Der slowenische Marcel Proust: Lojze Kovačič (9. November 1928 - 1. Mai 2004)

Basel 1972. Der Gast aus Ljubljana will die Welt neu zum Leben erwecken, die vor 34 Jahren die seine war: das Kesselchen, mit dem er in Nachthemd und Mantel ins Milchläädeli ging, all die Gestalten und Stimmen, die in dieser Anhäufung von Häusern doch noch irgendwo zu finden sein müssten. Denn: «Wenn du dich nicht gänzlich in denjenigen versenkst, der du einmal warst, wenn du das Schreckliche aus der vergangenen Gegenwart ausschliesst, ist alles zusammengenommen einem immerzu gereizten Ungeheuer ähnlich.» Das Schreckliche - das war die Austreibung aus der Geburtsstadt, als der 10jährige 1938 mit den Eltern als unerwünschter Ausländer nach Slowenien ausreisen musste, war das Fremdsein in einer neuen Sprache, war der Krieg, der Hungertod des Vaters, die Deportation der Mutter nach Wien, die Jahre im Strafbataillon.

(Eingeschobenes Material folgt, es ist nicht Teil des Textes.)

Lemma horizontal_lincomb (P : pred 'I_n) beta m :
  (forall j, horizontal abs a G (m j)) -> horizontal abs a G (lincomb P beta m).
Proof.
move=> hm; pose r := \big[Num.min/1]_(j < n) radius_vec abs a (m j).
have r1 : r <= 1 by exact: bigmin_le_id.
have r0 : 0 < r by apply: lt_bigmin => // j _; exact: radius_vec_gt0.
exists r; split => //; split.
  by apply/radius_vec_geP => //; apply: radius_vec_lincomb => // j _ _; exact: bigmin_le.
apply: funext => i; apply: funext => l; rewrite Dt_at_lincomb big1 // => q _.
by have [_ [_ [_ ->]]] := hm q; rewrite mulr0.
Qed.

Lemma dim_ker_ge_le r d d' :
  dim_ker_ge abs a G r d -> (d' <= d)%N -> dim_ker_ge abs a G r d'.
Proof.
move=> [v [hv hi]] hd; exists (fun l => v (widen_ord hd l)); split => //.
by apply: lin_indep_comp hi => x y /(congr1 val) /= /val_inj.
Qed.

Lemma dim_ker_ge_card (w : 'I_n -> vec k n) (J : {set 'I_n}) r :
  lin_indep w -> (forall j, j \in J -> in_ker abs a G r (w j)) ->
  dim_ker_ge abs a G r #|J|.
Proof.
move=> hw hJ; exists (fun l => w (enum_val l)); split.
  by move=> l; apply: hJ; exact: enum_valP.
by apply: lin_indep_comp hw; exact: enum_val_inj.
Qed.
Theorem theorem2 (C : numClosedFieldType) (n : nat)
    (e0 e1 : Evec C n) (q0 q1 eta0 eta1 : C) (U : opE C n)
    (w00 w11 : st3 C n) :
  orthonormal2 e0 e1 ->
  restricted_params q0 q1 eta0 eta1 ->
  unitary_opE U ->
  let ev := vecE e0 e1 eta0 in
  let fv := vecE e0 e1 eta1 in
  let R00 := Rw00 q0 q1 e0 fv w00 in
  let R11 := Rw11 q0 q1 e0 ev w11 in
  (* choice of the arbitrary unit vectors *)
  dot3 w00 w00 = 1 -> dot3 w11 w11 = 1 ->
  (1 - q1 ^+ 2 + q0 ^+ 2 = 0 -> dot3 w00 R11 = 0) ->
  (1 - q0 ^+ 2 + q1 ^+ 2 = 0 -> dot3 R00 w11 = 0) ->
  (* Rw is an isometry *)
  [/\ dot3 R00 R00 = 1, dot3 R11 R11 = 1, dot3 R00 R11 = 0,
  (* in both modes the final states coincide *)
   (forall (m a1 a2 b : bool) (x : 'I_n),
      sqkd_state q0 q1 e0 ev fv U m a1 a2 b x
      = pistar_state q0 q1 e0 ev fv w00 w11 U m a1 a2 b x) &
  (* hence the single-round density operators coincide *)
   (forall (pm : C), 0 <= pm <= 1 ->
      forall a1 a2 b x a1' a2' b' x',
      round_density pm (sqkd_state q0 q1 e0 ev fv U) a1 a2 b x a1' a2' b' x'
      = round_density pm (pistar_state q0 q1 e0 ev fv w00 w11 U)
          a1 a2 b x a1' a2' b' x')].
Proof.
move=> e01_on [/andP[q0_ge0 q0_le1] /andP[q1_ge0 q1_le1] eta0_le1 eta1_le1 _] _.
move=> ev fv R00 R11 w00_unit w11_unit w00_orth w11_orth.
have [e0_unit _ _] := e01_on.
have states := sqkd_state_pistar e0 ev fv w00 w11 q0_ge0 q0_le1 q1_ge0 q1_le1 U.
split => //.
- exact: dot3_Rw00 (dotE_vecE e01_on eta1_le1) w00_unit.
- exact: dot3_Rw11 (dotE_vecE e01_on eta0_le1) e0_unit w11_unit.
- exact: dot3_Rw00_Rw11.
- by move=> pm _ a1 a2 b x a1' a2' b' x'; rewrite /round_density !states.
Qed.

Dann aber hat das Ungeheuer Vergangenheit Lojze Kovačič, so heisst der am 9.November 1928 in Basel geborene Slowene, zum Schreiben getrieben. 16 Bücher lang. Eher konventionell wie im ersten, erst 1968 publizierten Buch «Der Tod und der Knabe» von 1945, das erzählt, wie der Vater in seinen Armen starb. Verinnerlicht, assoziativ wie im Lebensroman «Die Zugereisten» von 1985, für den man ihn zum slowenischen Proust erklärte und der 2002 als erstes Werk im Drava-Verlag auch deutsch hätte erscheinen sollen, wegen Erkrankung des Übersetzers aber erst 2004/5 in zwei Bänden herauskam. Das eingangs erwähnte Buch aber ist der Roman «Basel» von 1986, der auf unerhört drastische, fast surreale und doch authentische, mit unzähligen Dialektsätzen angereicherte Weise erzählt, wie Kovačič 1972 vollkommen fremd in seiner Geburtsstadt herumging und im Zoo, Darwin persiflierend, erkannte: «S sinn allwyyl die Schlächteschte, wo fiirigblyybe.» - Kein Wunder, dass Kovačič für Andrej Spendovs deutsche Übertragung von «Basel» trotz verzweifelter Suche bis zu seinem Tod am 1.Mai 2004 in Ljubljana keinen Schweizer Verlag fand und der Text einzig in einem e-book des Slowenischen Schriftstellerverbands von 2016 greifbar ist.